I have an XML document containing a number of XML Processing Instructions which are of the form:

<?cpdoc something?>

I am trying to match them in awk with the pattern

/^\<\?cpdoc/

but it's not returning anything. If I remove the ^ anchor, it works (but I have other similar PIs which don't start a line which I don't want matched).

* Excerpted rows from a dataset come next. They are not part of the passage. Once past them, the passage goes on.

Lemma inner_exit_not_facet x Q0 Q m y C y' : inner_inv x Q0 Q m y ->
  touching_center a (Q :|: [set m]) C -> exit_point a (Q :|: [set m]) y C y' ->
  ~ in_conv a ((Q :|: [set m]) :\ m) y'.
Proof.
move=> hI htc [t [t01 [ey' _]]] [nu [hnu [_ [nu1 enu]]]].
have := inner_lerp_coef_gt0 hI htc t01 (coeffs_onS (subD1set _ _) hnu) nu1.
by rewrite -enu -ey' hnu ?setD11 // ltxx => /(_ erefl).
Qed.

Lemma inner_inv_reduce x Q0 Q m y C y' j : inner_inv x Q0 Q m y ->
  touching_center a (Q :|: [set m]) C -> exit_point a (Q :|: [set m]) y C y' ->
  j \in Q -> j != m -> in_conv a ((Q :|: [set m]) :\ j) y' ->
  inner_inv x Q0 (Q :\ j) m y'.
Proof.
move=> hI htc hexit jQ jm [nu [hnu [nu_ge0 [nu1 enu]]]].
have sub : (Q :|: [set m]) :\ j \subset (Q :\ j) :|: [set m].
  by rewrite setDUl setUS // subD1set.
have [t [t01 [ey' _]]] := hexit.
have nu_m : 0 < nu m.
  apply: inner_lerp_coef_gt0 hI htc t01 _ nu1 _; last by rewrite -enu.
  by apply: coeffs_onS hnu; exact: subD1set.
have y'y : dot y' y' <= dot y y.
  by apply: exit_point_dot_le hexit; [exact/touching_centerE | exact: inner_in_aff hI].
case: hI => hM not_span Qsub hi _ yy; split=> //.
- by apply: subset_trans Qsub; exact: subD1set.
- by exists nu; split=> //; exact: coeffs_onS hnu.
- exact: le_trans yy.
Qed.
(* For every instance of Problem (P), the output $(x_1,\dots,x_n)$ of Algorithm 1 is an optimal solution of Problem (P).
   Context: Problem (P): given an integer $n\ge1$, reals $0<q_1\le\cdots\le q_n$, $z_1,\dots,z_n>0$ and $K>0$, maximize $\sum_{i=1}^n x_i$ subject to $0\le x_i\le q_i$ for all $i$, $0\le x_1\le x_2\le\cdots\le x_n$, and $\sum_{i=1}^n z_ix_i\le K$. For $1\le i<j\le n+1$ let $\mathrm{sum}(i,j)=z_i+\cdots+z_{j-1}$ and $\mathrm{avg}(i,j)=\mathrm{sum}(i,j)/(j-i)$. Algorithm 1: Initialize $S=\{0,n+1\}$, $y_i=\mathrm{avg}(i,n+1)$ and $x_i=0$ for $i=1,\dots,n$, and $\hat B=K$. While $\hat B>0$ and $S\ne\{0,1,\dots,n+1\}$, perform an iteration: let $i^*$ be the index $i\in\{1,\dots,n\}\setminus S$ minimizing $y_i$, ties broken in favour of the smallest index; let $i_L=\max\{j\in S:j<i^*\}$ and $i_R=\min\{j\in S:j>i^*\}$; set $d=\min\{\hat B/((i_R-i^* )y_{i^*}),\ q_{i^*}-x_{i^*}\}$; set $\hat B\leftarrow\hat B-d(i_R-i^* )y_{i^*}$; set $x_i\leftarrow x_i+d$ for all $i^*\le i<i_R$; set $y_i\leftarrow\mathrm{avg}(i,i^* )$ for all $i_L<i<i^*$; add $i^*$ to $S$. When the loop ends, output $x_1,\dots,x_n$. *)

From HB Require Import structures.
From mathcomp Require Import all_boot all_order all_algebra.
From mathcomp Require Import reals.
Set Implicit Arguments. Unset Strict Implicit. Unset Printing Implicit Defensive.
Import Order.TTheory GRing.Theory Num.Theory.
Local Open Scope ring_scope.

Section Alg.
Variable R : realType.
Variables (n : nat) (q z : nat -> R) (K : R).

Definition zsum (i j : nat) : R := \sum_(i <= k < j) z k.
Definition avg (i j : nat) : R := zsum i j / (j - i)%:R.

Record state := State { stS : nat -> bool; sty : nat -> R; stx : nat -> R; stB : R }.

Definition init_state : state :=
  State (fun j => (j == 0)%N || (j == n.+1)%N) (fun i => avg i n.+1) (fun _ => 0) K.

Definition remaining (s : state) : seq nat := [seq i <- iota 1 n | ~~ stS s i].

(* argmin of y over a nonempty list, ties broken in favour of the earliest
   (= smallest, since the list is increasing) index *)
Definition argmin_y (y : nat -> R) (l : seq nat) : nat :=
  foldl (fun best i => if y i < y best then i else best) (head 0%N l) (behead l).

Definition step (s : state) : state :=
  let S := stS s in let y := sty s in let x := stx s in let B := stB s in
  let istar := argmin_y y (remaining s) in
  let iL := last 0%N [seq j <- iota 0 istar | S j] in
  let iR := head n.+1 [seq j <- iota istar.+1 (n - istar) | S j] in
  let d := Num.min (B / ((iR - istar)%:R * y istar)) (q istar - x istar) in
  State (fun j => S j || (j == istar))
        (fun i => if (iL < i < istar)%N then avg i istar else y i)
        (fun i => if (istar <= i < iR)%N then x i + d else x i)
        (B - d * (iR - istar)%:R * y istar).

Definition loop_body (s : state) : state :=
  if (0 < stB s) && (remaining s != [::]) then step s else s.

(* Each real iteration adds a new index of {1..n} to S, so the loop performs
   at most n iterations; after that loop_body is the identity. *)
Definition algorithm1_output : nat -> R := stx (iter n loop_body init_state).

End Alg.

Definition feasible (R : realType) (n : nat) (q z : nat -> R) (K : R) (x : nat -> R) : Prop :=
  (forall i, (1 <= i <= n)%N -> 0 <= x i <= q i) /\
  (0 <= x 1%N) /\
  (forall i, (1 <= i < n)%N -> x i <= x i.+1) /\
  (\sum_(1 <= i < n.+1) z i * x i <= K).

Definition optimal (R : realType) (n : nat) (q z : nat -> R) (K : R) (x : nat -> R) : Prop :=
  feasible n q z K x /\
  forall x', feasible n q z K x' -> \sum_(1 <= i < n.+1) x' i <= \sum_(1 <= i < n.+1) x i.

(* Algorithm 1 is a greedy water-filling run alongside a Lagrange multiplier l for
   the budget.  The selected set S cuts {1..n} into blocks [p, next p) on which x is
   constant, and y_i is the average cost avg(i, next i) of the tail of the block
   containing i.  Raising the cheapest tail keeps every free index at average >= l
   and every selected one at average <= l, with equality unless x_p = q_p.  When the
   loop stops, either budget is left and x = q, or the budget is spent and these
   conditions make x maximise sum (l - z_i) x'_i over all nondecreasing x' <= q
   (Abel summation on each block), which with sum z x = K gives optimality. *)

From HB Require Import structures.
From mathcomp Require Import all_boot all_order all_algebra.
From mathcomp Require Import reals.
From mathcomp Require Import zify ring lra.
Import Order.TTheory GRing.Theory Num.Theory.
Local Open Scope ring_scope.
Set Implicit Arguments. Unset Strict Implicit. Unset Printing Implicit Defensive.

Definition is_next (S : pred nat) (N i b : nat) : Prop :=
  [/\ (i < b)%N, (b <= N)%N, S b & forall k, (i < k < b)%N -> ~~ S k].

Section NextInSet.
Variable S : pred nat.

Lemma is_next_uniq N i b1 b2 : is_next S N i b1 -> is_next S N i b2 -> b1 = b2.
Proof.
case=> lt_ib1 _ Sb1 noS1 [lt_ib2 _ Sb2 noS2].
case: (ltngtP b1 b2) => // lt_b.
- by move: (noS2 b1); rewrite lt_ib1 lt_b Sb1 => /(_ isT).
- by move: (noS1 b2); rewrite lt_ib2 lt_b Sb2 => /(_ isT).
Qed.

Lemma head_filter_iota a m (h := head (a + m)%N [seq j <- iota a m | S j]) :
  [/\ (a <= h <= a + m)%N, S h \/ h = (a + m)%N & forall k, (a <= k < h)%N -> ~~ S k].
Proof.
rewrite {}/h; elim: m a => [|m IHm] a /=.
  by rewrite addn0 leqnn; split=> // [|k]; [right | lia].
case Sa: (S a) => /=; first by split; [lia | left | lia].
have [le_h S_h noS] := IHm a.+1; rewrite -addSnnS.
split=> // [|k /andP[le_ak lt_kh]]; first lia.
have [lt_ka|lt_ak|->] := ltngtP k a; last by rewrite Sa.
- lia.
- by apply: noS; rewrite lt_ak.
Qed.

Lemma is_next_head N i : S N -> (i < N)%N ->
  is_next S N i (head N [seq j <- iota i.+1 (N - i.+1) | S j]).
Proof.
move=> SN lt_iN; have [le_h S_h noS] := head_filter_iota i.+1 (N - i.+1).
move: le_h S_h noS; rewrite (_ : (i.+1 + (N - i.+1))%N = N); last by lia.
set h := head _ _ => le_h S_h noS.
by split=> [|||k /andP[]]; [lia | lia | case: S_h => // -> | move=> *; apply: noS; lia].
Qed.

Lemma is_next_exists N i : S N -> (i < N)%N -> exists b, is_next S N i b.
Proof. by move=> SN lt_iN; eexists; apply: is_next_head. Qed.

Lemma last_filter_iota m (h := last 0%N [seq j <- iota 0 m | S j]) : S 0%N -> (0 < m)%N ->
  [/\ (h < m)%N, S h & forall k, (h < k < m)%N -> ~~ S k].
Proof.
rewrite {}/h => S0; elim: m => [//|m IHm] _.
rewrite -[m.+1]addn1 iotaD add0n filter_cat last_cat /=.
case Sm: (S m) => /=; first by split=> // [|k]; lia.
case: m IHm Sm => [|m] IHm Sm; first by rewrite Sm in S0.
have [lt_h S_h noS] := IHm isT; split=> // [|k /andP[lt_hk lt_km]]; first lia.
have [lt_km'|lt_mk|->] := ltngtP k m.+1; last by rewrite Sm.
- by apply: noS; rewrite lt_hk.
- lia.
Qed.

Lemma is_next_setU1 N i b i0 : is_next S N i b -> ~~ (i < i0 < b)%N ->
  is_next (fun j => S j || (j == i0)) N i b.
Proof.
case=> lt_ib le_bN Sb noS out_i0; split=> //=; first by rewrite Sb.
move=> k lt_k; rewrite negb_or noS //=; apply: contraNneq out_i0 => <-.
exact: lt_k.
Qed.

Lemma is_next_setU1_inv N i b i0 : is_next (fun j => S j || (j == i0)) N i b ->
  b != i0 -> is_next S N i b.
Proof.
case=> lt_ib le_bN /= /orP[Sb|/eqP->] noS; last by rewrite eqxx.
by split=> // k /noS; rewrite negb_or => /andP[].
Qed.

End NextInSet.

Lemma argmin_yP (R : realType) (y : nat -> R) (l : seq nat) : l != [::] ->
  argmin_y y l \in l /\ forall i, i \in l -> y (argmin_y y l) <= y i.
Proof.
case: l => [//|a l] _; rewrite /argmin_y /=.
set f := fun best i => if y i < y best then i else best.
suff min_fold b : [/\ foldl f b l \in b :: l, y (foldl f b l) <= y b &
                     forall i, i \in l -> y (foldl f b l) <= y i].
  have [in_l le_a le_l] := min_fold a.
  by split=> // i; rewrite inE => /predU1P[->|]; last exact: le_l.
elim: l b => [|c l IHl] b /=; first by rewrite inE eqxx.
rewrite [f b c]/f; case: ifP => lt_cb.
  have [in_l le_c le_l] := IHl c; split.
  - by move: in_l; rewrite !inE => /orP[->|->]; rewrite ?orbT.
  - by apply: (le_trans le_c); apply: ltW.
  - by move=> i; rewrite inE => /predU1P[->|]; last exact: le_l.
have [in_l le_b le_l] := IHl b; split=> //.
- by move: in_l; rewrite !inE => /orP[->|->]; rewrite ?orbT.
- move=> i; rewrite inE => /predU1P[->|]; last exact: le_l.
  by apply: le_trans le_b _; rewrite leNgt lt_cb.
Qed.

Section Surplus.
Variables (R : realType) (z : nat -> R).

Definition surplus (l : R) (a b : nat) : R := \sum_(a <= i < b) (l - z i).

Lemma surplus_cat l a c b : (a <= c <= b)%N ->
  surplus l a b = surplus l a c + surplus l c b.
Proof. by case/andP=> le_ac le_cb; rewrite /surplus (big_cat_nat le_ac le_cb). Qed.

Lemma surplusE l a b : surplus l a b = (b - a)%:R * l - zsum z a b.
Proof. by rewrite /surplus sumrB sumr_const_nat mulr_natl. Qed.

Section Compare.
Variables (l : R) (a b : nat).
Hypothesis lt_ab : (a < b)%N.

Let len_gt0 : 0 < (b - a)%:R :> R. Proof. by rewrite ltr0n subn_gt0. Qed.

Lemma le_avg_surplus : (l <= avg z a b) = (surplus l a b <= 0).
Proof. by rewrite surplusE /avg ler_pdivlMr // subr_le0 mulrC. Qed.

Lemma avg_le_surplus : (avg z a b <= l) = (0 <= surplus l a b).
Proof. by rewrite surplusE /avg ler_pdivrMr // subr_ge0 mulrC. Qed.

Lemma avg_eq_surplus : (avg z a b == l) = (surplus l a b == 0).
Proof. by rewrite eq_le avg_le_surplus le_avg_surplus [RHS]eq_le andbC. Qed.

Lemma avg_gt0 : (forall i, (a <= i < b)%N -> 0 < z i) -> 0 < avg z a b.
Proof.
move=> z_gt0; rewrite /avg divr_gt0 // /zsum big_ltn //.
rewrite ltr_wpDr ?z_gt0 ?leqnn // big_nat_cond sumr_ge0 // => i.
by case/andP=> /andP[le_ai lt_ib] _; apply/ltW/z_gt0; lia.
Qed.

End Compare.
End Surplus.

Section BlockSums.
Variables (R : realType) (c x : nat -> R).

Lemma flat_const a b : (forall i, (a < i < b)%N -> x i = x i.-1) ->
  forall i, (a <= i < b)%N -> x i = x a.
Proof.
move=> flat; elim=> [|i IHi] /andP[le_ai lt_ib]; first by rewrite (_ : a = 0%N) //; lia.
have [lt_ai|//|->//] := ltngtP a i.+1; last by lia.
by rewrite flat ?lt_ai //= IHi //; lia.
Qed.

Lemma flat_block_sum a b : (forall i, (a < i < b)%N -> x i = x i.-1) ->
  \sum_(a <= i < b) c i * x i = x a * \sum_(a <= i < b) c i.
Proof.
move=> flat; rewrite mulr_sumr big_nat_cond [RHS]big_nat_cond.
by apply: eq_bigr => i /andP[a_i_b _]; rewrite (flat_const flat a_i_b) mulrC.
Qed.

(* Abel summation: a nondecreasing [x] is the sum of nonnegative increments, each
   multiplying a tail sum of [c], and those tails are nonpositive. *)
Lemma monotone_block_sum_le a b : (a < b)%N ->
  (forall i, (a <= i)%N -> (i.+1 < b)%N -> x i <= x i.+1) ->
  (forall i, (a < i < b)%N -> \sum_(i <= k < b) c k <= 0) ->
  \sum_(a <= i < b) c i * x i <= x a * \sum_(a <= i < b) c i.
Proof.
move=> lt_ab; have [m ->] : exists m, b = (a + m.+1)%N by exists (b - a.+1)%N; lia.
elim: m a {lt_ab} => [|m IHm] a mono tail_le0.
  by rewrite addn1 !big_nat1 mulrC.
have lt_a : (a < a + m.+2)%N by lia.
rewrite (big_ltn lt_a) [in X in _ <= X](big_ltn lt_a).
rewrite -addSnnS in mono tail_le0 *.
have tail_a1 : \sum_(a.+1 <= k < a.+1 + m.+1) c k <= 0 by apply: tail_le0; lia.
apply: le_trans (lerD (lexx _) (IHm a.+1 _ _)) _.
- by move=> i le_ai lt_ib; apply: mono; lia.
- by move=> i lt_i; apply: tail_le0; lia.
rewrite mulrDr mulrC lerD2l; apply: ler_wnM2r => //; apply: mono; lia.
Qed.

End BlockSums.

It looks as if it's being confused by the \<\? but why is it ignoring the line-start anchor?

Cœur
  • 37,241
  • 25
  • 195
  • 267
Peter Flynn
  • 235
  • 2
  • 10
  • Yeah you can't just go escaping random characters and hoping for the best, you have to know which characters are metacharacters and then escape them if you want them treated as literal, otherwise you can turn literal characters INTO metacharacters by escaping them (as you just discovered `<` is literal while `\<` is a word boundary). If you're not sure then put them in a bracket expression instead of escaping them, e.g. `[<]` is still just a literal `<`. – Ed Morton Mar 11 '18 at 15:25
  • Peter Flynn, I moved your solution to a community answer of its own, adding a piece of @EdMorton comment. Feel free to improve it. – Cœur Apr 30 '18 at 11:51
  • Thank you! Having trouble finding it, though. Oh wait, no, it's in my mailbox. Duuh. – Peter Flynn May 01 '18 at 21:41

2 Answers2

1

Don't parse XML with regex, use a proper XML/HTML parser.

theory :

According to the compiling theory, XML can't be parsed using regex based on finite state machine. Due to hierarchical construction of XML you need to use a pushdown automaton and manipulate LALR grammar using tool like YACC.

realLife©®™ everyday tool in a :

You can use one of the following :

xmllint

xmlstarlet

saxon-lint (my own project)


Check: Using regular expressions with HTML tags


Example using :

xmllint --xpath '//processing-instruction()' file.xml
Gilles Quénot
  • 173,512
  • 41
  • 224
  • 223
0

Solution by OP and explanation by Ed Morton.

It works if the less-than is not escaped, as otherwise it's a word boundary. So instead of:

\<\?

I should use literal:

<\?

This is because we can't just go escaping any character and hoping for the best, we have to know which characters are metacharacters and then escape them if we want them treated as literal.

Cœur
  • 37,241
  • 25
  • 195
  • 267